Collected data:
(* Let $k$ be a field and $A_k$ a $k$-algebra with a $k$-linear involution $a\mapsto a^*$. Let $E$ be a finite-dimensional $A_k$-module with a nondegenerate $k$-bilinear form $b$ satisfying $b(ax,y)=b(x,a^*y)$ for all $a\in A_k$, $x,y\in E$, where either $b$ is alternating, or $b$ is symmetric and $\mathrm{char}(k)\neq2$. Let $S$ be an $A_k$-submodule of $E$ which is totally isotropic ($b(x,y)=0$ for all $x,y\in S$) and maximal among totally isotropic $A_k$-submodules. Let $S_\perp$ be its orthogonal for $b$, $X=S_\perp/S$, and $b_1$ the nondegenerate form on $X$ induced by $b$. Then: (i) the $A_k$-module $X$ is semisimple, and the only $A_k$-submodule of $X$ totally isotropic for $b_1$ is $0$; (ii) if $b$ is symmetric (and $\mathrm{char}(k)\neq2$), then $b$ is isomorphic to the orthogonal direct sum of $b_1$ and a hyperbolic form of rank $2\dim S$. *)

From HB Require Import structures.
From mathcomp Require Import all_boot all_order all_algebra.

Set Implicit Arguments.
Unset Strict Implicit.
Unset Printing Implicit Defensive.

Import Order.TTheory GRing.Theory Num.Theory.
Local Open Scope ring_scope.

Section Defs.
Variable k : fieldType.

Definition klinear (U V : lmodType k) (f : U -> V) : Prop :=
  forall (c : k) (x y : U), f (c *: x + y) = c *: f x + f y.

Definition is_involution (A : algType k) (star : A -> A) : Prop :=
  [/\ klinear star,
      forall a : A, star (star a) = a &
      forall a a' : A, star (a * a') = star a' * star a].

Definition is_module_action (A : algType k) (E : lmodType k) (act : A -> E -> E) : Prop :=
  [/\ forall a : A, klinear (act a),
      forall (c : k) (a a' : A) (x : E), act (c *: a + a') x = c *: act a x + act a' x,
      forall x : E, act 1 x = x &
      forall (a a' : A) (x : E), act (a * a') x = act a (act a' x)].

Definition kbilinear_form (E : lmodType k) (b : E -> E -> k) : Prop :=
  (forall (c : k) (x y z : E), b (c *: x + y) z = c * b x z + b y z) /\
  (forall (c : k) (x y z : E), b x (c *: y + z) = c * b x y + b x z).

Definition nondegenerate_form (E : lmodType k) (b : E -> E -> k) : Prop :=
  (forall x : E, (forall y, b x y = 0) -> x = 0) /\
  (forall y : E, (forall x, b x y = 0) -> y = 0).

Definition alternating_form (E : lmodType k) (b : E -> E -> k) : Prop :=
  forall x : E, b x x = 0.

Definition symmetric_bform (E : lmodType k) (b : E -> E -> k) : Prop :=
  forall x y : E, b x y = b y x.

Definition Asubmodule (A : algType k) (E : vectType k) (act : A -> E -> E)
  (U : {vspace E}) : Prop :=
  forall (a : A) (x : E), x \in U -> act a x \in U.

Definition tot_isotropic (E : vectType k) (b : E -> E -> k) (U : {vspace E}) : Prop :=
  forall x y : E, x \in U -> y \in U -> b x y = 0.

Definition in_orth (E : vectType k) (b : E -> E -> k) (S : {vspace E}) (x : E) : Prop :=
  forall s : E, s \in S -> b x s = 0.

Definition semisimple_module (A : algType k) (X : vectType k) (act : A -> X -> X) : Prop :=
  forall U : {vspace X}, Asubmodule act U ->
    exists V : {vspace X}, Asubmodule act V /\ (U + V)%VS = fullv /\ (U :&: V)%VS = 0%VS.

Definition hyperbolic_form (r : nat) (u v : 'rV[k]_(r + r)) : k :=
  (u *m block_mx (0 : 'M[k]_(r, r)) 1%:M 1%:M 0 *m v^T) ord0 ord0.

Definition orth_sum (U V : lmodType k) (b1 : U -> U -> k) (b2 : V -> V -> k)
  (x y : U * V) : k := b1 x.1 y.1 + b2 x.2 y.2.

End Defs.

(* Let S_perp be the left orthogonal of S, so that X = S_perp / S.  The
   preimage in S_perp of a totally isotropic submodule U of X is a totally
   isotropic submodule containing S, hence equal to S by maximality, so U = 0.
   Consequently the orthogonal of a submodule U of X, itself a submodule by
   adjointness, meets U in a totally isotropic submodule, i.e. trivially; as
   its dimension is at least dim X - dim U, it is a complement of U.
   For (ii), take a basis s of S and, by nondegeneracy, a dual family t with
   b(t_j, s_i) = delta_ij; replacing t_j by t_j - 1/2 sum_l b(t_j, t_l) s_l
   makes the t_j pairwise orthogonal (this is where char k <> 2 is used).  The
   span H of s and t is hyperbolic of rank 2 dim S, E = H + H^perp, and pi
   maps H^perp isometrically onto X. *)

From HB Require Import structures.
From mathcomp Require Import all_boot all_order all_algebra.
From mathcomp Require Import ring.
Import Order.TTheory GRing.Theory Num.Theory.
Local Open Scope ring_scope.

Section BilinearForms.
Set Implicit Arguments.
Unset Strict Implicit.
Variable k : fieldType.

Section LinearFacts.
Variables (U V : lmodType k) (f : U -> V) (f_lin : klinear f).

Let fL : {linear U -> V} := HB.pack f (GRing.isLinear.Build k U V *:%R f f_lin).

• TASK TO CARRY OUT
Output the first line of the entries above and every line after it, exactly as written, ending with the line that contains "forall (c : k) (x y : U), f".

• RESULT OF THE EXERCISE
(* Let $k$ be a field and $A_k$ a $k$-algebra with a $k$-linear involution $a\mapsto a^*$. Let $E$ be a finite-dimensional $A_k$-module with a nondegenerate $k$-bilinear form $b$ satisfying $b(ax,y)=b(x,a^*y)$ for all $a\in A_k$, $x,y\in E$, where either $b$ is alternating, or $b$ is symmetric and $\mathrm{char}(k)\neq2$. Let $S$ be an $A_k$-submodule of $E$ which is totally isotropic ($b(x,y)=0$ for all $x,y\in S$) and maximal among totally isotropic $A_k$-submodules. Let $S_\perp$ be its orthogonal for $b$, $X=S_\perp/S$, and $b_1$ the nondegenerate form on $X$ induced by $b$. Then: (i) the $A_k$-module $X$ is semisimple, and the only $A_k$-submodule of $X$ totally isotropic for $b_1$ is $0$; (ii) if $b$ is symmetric (and $\mathrm{char}(k)\neq2$), then $b$ is isomorphic to the orthogonal direct sum of $b_1$ and a hyperbolic form of rank $2\dim S$. *)

From HB Require Import structures.
From mathcomp Require Import all_boot all_order all_algebra.

Set Implicit Arguments.
Unset Strict Implicit.
Unset Printing Implicit Defensive.

Import Order.TTheory GRing.Theory Num.Theory.
Local Open Scope ring_scope.

Section Defs.
Variable k : fieldType.

Definition klinear (U V : lmodType k) (f : U -> V) : Prop :=
  forall (c : k) (x y : U), f (c *: x + y) = c *: f x + f y.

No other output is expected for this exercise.